The hand of Homo naledi.

Bibliographic Collection: 
Publication Type: Journal Article
Authors: Kivell, Tracy L; Deane, Andrew S; Tocheri, Matthew W; Orr, Caley M; Schmid, Peter; Hawks, John; Berger, Lee R; Churchill, Steven E
Year of Publication: 2015
Journal: Nat Commun
Volume: 6
Pagination: 8431
Date Published: 2015
Publication Language: eng
ISSN: 2041-1723
Keywords: Animals, Biological Evolution, Fossils, Gorilla gorilla, Hand, Hand Bones, Hominidae, Humans, Neanderthals, Pan paniscus, Pan troglodytes, thumb, Wrist

A nearly complete right hand of an adult hominin was recovered from the Rising Star cave system, South Africa.
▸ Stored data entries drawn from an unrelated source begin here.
Lemma factor_route_cols (Z : mat R) : (c <= r)%N -> factor PQ Z ->
  exists X Y, [/\ factor P X, factor Q Y & Z = mulm (pcols P) X Y].
Proof.
move=> c_le_r PQZ.
pose X : mat R := fun i k =>
  if in_support P i k && (mid k < c)%N
  then Z i ((k %/ (t * d) %/ r * c + mid k) * d + k %% d)%N else 0.
pose Y : mat R := fun k j =>
  if in_support Q k j && (mid k == j %/ d %% c)%N then 1 else 0.
exists X, Y; split.
- by move=> i k; rewrite /X; case: ifP => [/andP[]|]; rewrite ?eqxx.
- by move=> k j; rewrite /Y; case: ifP => [/andP[]|]; rewrite ?eqxx.
apply: (mulm_route (g := fun _ j => j %/ d %% c)%N) => // [i j _|i j k].
  exact: leq_trans (ltn_pmod _ c_gt0) c_le_r.
rewrite /X /Y.
case: (boolP (in_support Q k j)) => [kj|_] /=; last by rewrite mulr0 andbF.
case: eqP => [e|_]; last by rewrite mulr0 !andbF.
by rewrite mulr1 (col_of_mid kj e) e ltn_pmod // andbT.
Qed.

End Factorization.

Lemma factor_pstar (R : realType) p q (X Y : mat R) :
  pattern_pos p -> pattern_pos q -> chainable_pair p q ->
  factor p X -> factor q Y -> factor (pstar p q) (mulm (pcols p) X Y).
Proof.
move=> pp pq /(chainable_pair_decomp pp pq)[a [b [s [r [t [c [d [-> -> _ ->]]]]]]]].
exact: factor_mulm.
Qed.

Lemma factor_pstar_decomp (R : realType) p q (Z : mat R) :
  pattern_pos p -> pattern_pos q -> redundant_pair p q -> factor (pstar p q) Z ->
  exists X Y, [/\ factor p X, factor q Y & Z = mulm (pcols p) X Y].
Proof.
move=> pp pq /andP[pq_ch min_le_r].
have [a [b [s [r [t [c [d [ep eq er ->]]]]]]]] := chainable_pair_decomp pp pq pq_ch.
move: pp pq min_le_r; rewrite er ep eq /pattern_pos /= !muln_gt0 /= geq_min.
case/and4P=> _ b_gt0 _ /andP[t_gt0 _] /and4P[_ _ c_gt0 d_gt0] /orP[].
  exact: factor_route_rows.
exact: factor_route_cols.
Qed.

Lemma map_eq_cat_cons (T U : Type) (f : T -> U) s L x Rs :
  map f s = L ++ x :: Rs ->
  exists s1 y s2, [/\ s = s1 ++ y :: s2, map f s1 = L, f y = x & map f s2 = Rs].
Proof.
elim: L s => [|z L IH] [|y s] //= [ey es]; first by exists [::], y, s.
have [s1 [w [s2 [-> e1 ew e2]]]] := IH s es.
by exists (y :: s1), w, s2; rewrite /= ey e1.
Qed.

Lemma path_merge (T : Type) (e : rel T) x y z h L Rs :
  (forall w, e w x -> e w z) -> (forall w, e y w -> e z w) ->
  path e h (L ++ x :: y :: Rs) -> path e h (L ++ z :: Rs).
Proof.
move=> ewz ezw; elim: L h => [|w L IH] h /=; last by case/andP=> -> /IH.
by case/and3P=> /ewz -> _; case: Rs => [|w Rs] //= /andP[/ezw -> ->].
Qed.

Lemma sorted_merge_pair (T : Type) (e : rel T) x y z L Rs :
  (forall w, e w x -> e w z) -> (forall w, e y w -> e z w) ->
  sorted e (L ++ x :: y :: Rs) -> sorted e (L ++ z :: Rs).
Proof.
move=> ewz ezw; case: L => [|h L] /=; last exact: path_merge.
by case/andP=> _; case: Rs => [|w Rs] //= /andP[/ezw -> ->].
Qed.

Section Products.
Variable R : realType.
Local Open Scope ring_scope.
Implicit Types (X Y Z M : mat R) (s : seq (pattern * mat R)).

Lemma mulmA k1 k2 X Y Z : mulm k2 (mulm k1 X Y) Z = mulm k1 X (mulm k2 Y Z).
Proof.
apply/funext => i; apply/funext => j; rewrite /mulm.
under eq_bigr do rewrite mulr_suml.
rewrite exchange_big; apply: eq_bigr => u _.
by rewrite mulr_sumr; apply: eq_bigr => v _; rewrite mulrA.
Qed.

Lemma prodm_cons x s :
  (0 < size s)%N -> prodm (x :: s) = mulm (pcols x.1) x.2 (prodm s).
Proof. by case: s => // y s _; case: x. Qed.

Lemma prodm_merge L Rs p q pq X Y : pcols pq = pcols q ->
  prodm (L ++ (pq, mulm (pcols p) X Y) :: Rs) = prodm (L ++ (p, X) :: (q, Y) :: Rs).
Proof.
move=> cols_eq; elim: L => [|x L IH].
  by case: Rs => [|y Rs] //; rewrite /= cols_eq mulmA.
by rewrite cat_cons !prodm_cons ?size_cat ?addnS // IH.
Qed.

Fixpoint factors s : Prop :=
  if s is (p, X) :: s' then factor p X /\ factors s' else True.

Lemma factors_cat s1 s2 : factors (s1 ++ s2) <-> factors s1 /\ factors s2.
Proof. by elim: s1 => [|[p X] s1 IH] /=; [tauto | rewrite IH; tauto]. Qed.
Based on associated hominin material, the bones of this hand are attributed to Homo naledi. This hand reveals a long, robust thumb and derived wrist morphology that is shared with Neandertals and modern humans, and considered adaptive for intensified manual manipulation. However, the finger bones are longer and more curved than in most australopiths, indicating frequent use of the hand during life for strong grasping during locomotor climbing and suspension. These markedly curved digits in combination with an otherwise human-like wrist and palm indicate a significant degree of climbing, despite the derived nature of many aspects of the hand and other regions of the postcranial skeleton in H. naledi.